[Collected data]
————

(* Let $d\ge1$, $\boldsymbol k\in\mathbb Z^d$, $x>0$, $\boldsymbol y\in\mathbb R_+^d$, $\phi\in\mathbb R$. Then $$J_{\boldsymbol k}(\boldsymbol y;2\pi x,\phi)=\frac1{2\pi}\sum_{m\in\mathbb Z}e^{im\phi}j_{(0,m)}(xy_1\cdots y_d)\prod_{l=1}^dj_{(0,k_l+m)}(xy_l^{-1}),$$ the series being absolutely convergent.
   Context: $j_{(0,m)}(x)=2\pi i^mJ_m(4\pi x)$ with $J_m$ the classical $J$-Bessel function. $\Theta_{\boldsymbol k}(\boldsymbol\theta,\boldsymbol y;x,\phi)=2xy_1\cdots y_d\cos(\sum_{l=1}^d\theta_l+\phi)+\sum_{l=1}^d(k_l\theta_l+2xy_l^{-1}\cos\theta_l)$ and $J_{\boldsymbol k}(\boldsymbol y;x,\phi)=\int_{[0,2\pi]^d}e^{i\Theta_{\boldsymbol k}(\boldsymbol\theta,\boldsymbol y;x,\phi)}d\boldsymbol\theta$. *)

From Stdlib Require Import Reals ZArith Arith.
From Coquelicot Require Import Coquelicot.
Open Scope R_scope.

Definition cis (t : R) : C := (cos t, sin t).

Definition Cpowz (z : C) (m : Z) : C :=
  if (0 <=? m)%Z then Cpow z (Z.to_nat m) else Cinv (Cpow z (Z.to_nat (- m))).

Definition besselJ_nat (n : nat) (z : R) : R :=
  Series (fun k => (-1) ^ k / (INR (fact k) * INR (fact (k + n))) * (z / 2) ^ (2 * k + n)).

Definition besselJ (m : Z) (z : R) : R :=
  if (0 <=? m)%Z then besselJ_nat (Z.to_nat m) z
  else (-1) ^ (Z.to_nat (- m)) * besselJ_nat (Z.to_nat (- m)) z.

Definition j0 (m : Z) (x : R) : C :=
  Cmult (RtoC (2 * PI)) (Cmult (Cpowz Ci m) (RtoC (besselJ m (4 * PI * x)))).

(* Iterated Riemann integral over [0,2pi]^d of f : (nat -> R) -> R, where the
   point theta of [0,2pi]^d is encoded by its coordinates theta 0, ..., theta (d-1). *)
Fixpoint cube_int (d : nat) (f : (nat -> R) -> R) : R :=
  match d with
  | O => f (fun _ => 0)
  | S d' => RInt (fun t => cube_int d'
                   (fun th => f (fun i => if Nat.eqb i d' then t else th i))) 0 (2 * PI)
  end.

Fixpoint sumd (d : nat) (a : nat -> R) : R :=
  match d with O => 0 | S d' => sumd d' a + a d' end.
Fixpoint prodd (d : nat) (a : nat -> R) : R :=
  match d with O => 1 | S d' => prodd d' a * a d' end.
Fixpoint Cprodd (d : nat) (a : nat -> C) : C :=
  match d with O => RtoC 1 | S d' => Cmult (Cprodd d' a) (a d') end.

Definition Theta (d : nat) (k : nat -> Z) (th y : nat -> R) (x phi : R) : R :=
  2 * x * prodd d y * cos (sumd d th + phi)
  + sumd d (fun l => IZR (k l) * th l + 2 * x * / y l * cos (th l)).

Definition Jk (d : nat) (k : nat -> Z) (y : nat -> R) (x phi : R) : C :=
  (cube_int d (fun th => cos (Theta d k th y x phi)),
   cube_int d (fun th => sin (Theta d k th y x phi))).

(* Absolute convergence of a Z-indexed complex series, and its sum
   (sum over m >= 0 plus sum over m <= -1). *)
Definition abs_summable_Z (a : Z -> C) : Prop :=
  ex_series (fun n : nat => Cmod (a (Z.of_nat n))) /\
  ex_series (fun n : nat => Cmod (a (- Z.of_nat (S n))%Z)).

Definition is_sum_Z (a : Z -> C) (s : C) : Prop :=
  exists s1 s2 : C,
    is_series (V := C_NormedModule) (fun n : nat => a (Z.of_nat n)) s1 /\
    is_series (V := C_NormedModule) (fun n : nat => a (- Z.of_nat (S n))%Z) s2 /\
    s = Cplus s1 s2.

From Stdlib Require Import Reals ZArith.
From Coquelicot Require Import Coquelicot.
From Stdlib Require Import Arith Lia Lra FunctionalExtensionality.
Open Scope R_scope.

(* Expanding [e^{i Theta}] in the term [2 X (prod y) cos (sum theta + phi)] by the Jacobi–Anger
   expansion [e^{2iu cos w} = sum_m i^m J_m(2u) e^{imw}] and integrating term by term, the m-th
   term becomes [i^m J_m(2u) e^{i m phi}] times an integral over the cube that splits into a
   product of Bessel integrals [int_0^{2 pi} e^{i (n t + 2v cos t)} dt = 2 pi i^n J_n(2v)]; these
   are the case [d = 1] of the same term-by-term integration, where orthogonality of the
   [e^{imt}] leaves a single term.
   The expansion comes from the double series [sum_(p,q) (iu)^(p+q) / (p! q!) e^{i(q-p)w}], which
   is dominated by [e^{2|u|}] uniformly in [w]: summed along the diagonals [p + q = j] it is the
   exponential series of [2iu cos w] (expand [(2 cos w)^j] binomially), summed along the lines
   [q - p = m] it is [i^m J_m(2u) e^{imw}] (the power series of [J_m]). The uniform bound is what
   allows both the rearrangement and the integration over the cube. *)

Fixpoint csum (n : nat) (f : nat -> C) : C :=
  match n with O => RtoC 0 | S n' => Cplus (csum n' f) (f n') end.
Fixpoint rsum (n : nat) (f : nat -> R) : R :=
  match n with O => 0 | S n' => rsum n' f + f n' end.

Lemma csum_ext n f g : (forall i, (i < n)%nat -> f i = g i) -> csum n f = csum n g.
Proof. induction n; intros H; simpl; auto. rewrite IHn, H; auto. Qed.
Lemma rsum_ext n f g : (forall i, (i < n)%nat -> f i = g i) -> rsum n f = rsum n g.
Proof. induction n; intros H; simpl; auto. rewrite IHn, H; auto. Qed.

Lemma csum_add n f g : csum n (fun i => Cplus (f i) (g i)) = Cplus (csum n f) (csum n g).
Proof. induction n; simpl. apply injective_projections; simpl; ring. rewrite IHn; ring. Qed.
Lemma rsum_add n f g : rsum n (fun i => f i + g i) = rsum n f + rsum n g.
Proof. induction n; simpl. ring. rewrite IHn; ring. Qed.

Lemma csum_sub n f g : csum n (fun i => Cminus (f i) (g i)) = Cminus (csum n f) (csum n g).
Proof. induction n; simpl. ring. rewrite IHn. ring. Qed.

Lemma csum_scal_l n c f : csum n (fun i => Cmult c (f i)) = Cmult c (csum n f).
Proof. induction n; simpl. apply injective_projections; simpl; ring. rewrite IHn; ring. Qed.
Lemma csum_scal_r n f c : csum n (fun i => Cmult (f i) c) = Cmult (csum n f) c.
Proof. rewrite (csum_ext _ _ (fun i => Cmult c (f i))) by (intros; ring). rewrite csum_scal_l. ring. Qed.
Lemma rsum_scal_l n c f : rsum n (fun i => c * f i) = c * rsum n f.
Proof. induction n; simpl. ring. rewrite IHn; ring. Qed.

Lemma csum0 n : csum n (fun _ => RtoC 0) = RtoC 0.
Proof. induction n; simpl; auto. rewrite IHn; ring. Qed.
Lemma rsum0 n : rsum n (fun _ => 0) = 0.
Proof. induction n; simpl; auto. rewrite IHn; ring. Qed.

Lemma csum_RtoC n f : csum n (fun i => RtoC (f i)) = RtoC (rsum n f).
Proof. induction n; simpl; auto. rewrite IHn, RtoC_plus. reflexivity. Qed.

Lemma csum_swap n m (f : nat -> nat -> C) :
  csum n (fun i => csum m (fun j => f i j)) = csum m (fun j => csum n (fun i => f i j)).
Proof. induction n; simpl. rewrite csum0; auto. rewrite IHn, <- csum_add; auto. Qed.

Lemma csum_shift n f : csum (S n) f = Cplus (f O) (csum n (fun i => f (S i))).
Proof. induction n; simpl in *. ring. rewrite IHn. ring. Qed.

Lemma csum_delta n k (f : nat -> C) :
  csum n (fun i => if Nat.eqb i k then f i else RtoC 0) = if Nat.ltb k n then f k else RtoC 0.
Proof.
  induction n; simpl; auto.
  rewrite IHn. destruct (Nat.eqb_spec n k), (Nat.ltb_spec k n), (Nat.ltb_spec k (S n));
    try lia; subst; ring.
Qed.

Lemma csum_pad n m f : (n <= m)%nat -> (forall i, (n <= i < m)%nat -> f i = RtoC 0) ->
  csum m f = csum n f.
Proof.
  intros Hnm. induction Hnm; intros H; auto. simpl. rewrite IHHnm, H. ring. lia.
  intros; apply H; lia.
Qed.

Lemma rsum_le n f g : (forall i, (i < n)%nat -> f i <= g i) -> rsum n f <= rsum n g.
Proof. induction n; intros H; simpl. lra. apply Rplus_le_compat; auto. Qed.
Lemma rsum_ge0 n f : (forall i, (i < n)%nat -> 0 <= f i) -> 0 <= rsum n f.
Proof. intros H. rewrite <- (rsum0 n). apply rsum_le; auto. Qed.
Lemma rsum_mono n m f : (forall i, 0 <= f i) -> (n <= m)%nat -> rsum n f <= rsum m f.
Proof. intros H Hnm. induction Hnm. lra. simpl. specialize (H m). lra. Qed.

Lemma Cmod_csum_le n f : Cmod (csum n f) <= rsum n (fun i => Cmod (f i)).
Proof. induction n; simpl. rewrite Cmod_0; lra. eapply Rle_trans. apply Cmod_triangle. lra. Qed.

Lemma sum_n_csum (a : nat -> C) n : @sum_n C_AbelianMonoid a n = csum (S n) a.
Proof.
  induction n. rewrite sum_O. simpl. apply injective_projections; simpl; ring.
  rewrite sum_Sn, IHn. reflexivity.
Qed.
Lemma sum_n_rsum (a : nat -> R) n : @sum_n R_AbelianMonoid a n = rsum (S n) a.
Proof. induction n. rewrite sum_O. simpl. ring. rewrite sum_Sn, IHn. reflexivity. Qed.

Definition cvgC (s : nat -> C) (l : C) :=
  forall eps, 0 < eps -> exists N, forall n, (N <= n)%nat -> Cmod (Cminus (s n) l) < eps.
Definition cvgR (s : nat -> R) (l : R) :=
  forall eps, 0 < eps -> exists N, forall n, (N <= n)%nat -> Rabs (s n - l) < eps.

————

# [PROBLEM REQUIREMENTS]
Please write out exactly the line containing "Proof. intros H Hnm." and every line after it through the end of the records, nothing more.

# [SOLUTION BELOW]
Proof. intros H Hnm. induction Hnm. lra. simpl. specialize (H m). lra. Qed.

Lemma Cmod_csum_le n f : Cmod (csum n f) <= rsum n (fun i => Cmod (f i)).
Proof. induction n; simpl. rewrite Cmod_0; lra. eapply Rle_trans. apply Cmod_triangle. lra. Qed.

Lemma sum_n_csum (a : nat -> C) n : @sum_n C_AbelianMonoid a n = csum (S n) a.
Proof.
  induction n. rewrite sum_O. simpl. apply injective_projections; simpl; ring.
  rewrite sum_Sn, IHn. reflexivity.
Qed.
Lemma sum_n_rsum (a : nat -> R) n : @sum_n R_AbelianMonoid a n = rsum (S n) a.
Proof. induction n. rewrite sum_O. simpl. ring. rewrite sum_Sn, IHn. reflexivity. Qed.

Definition cvgC (s : nat -> C) (l : C) :=
  forall eps, 0 < eps -> exists N, forall n, (N <= n)%nat -> Cmod (Cminus (s n) l) < eps.
Definition cvgR (s : nat -> R) (l : R) :=
  forall eps, 0 < eps -> exists N, forall n, (N <= n)%nat -> Rabs (s n - l) < eps.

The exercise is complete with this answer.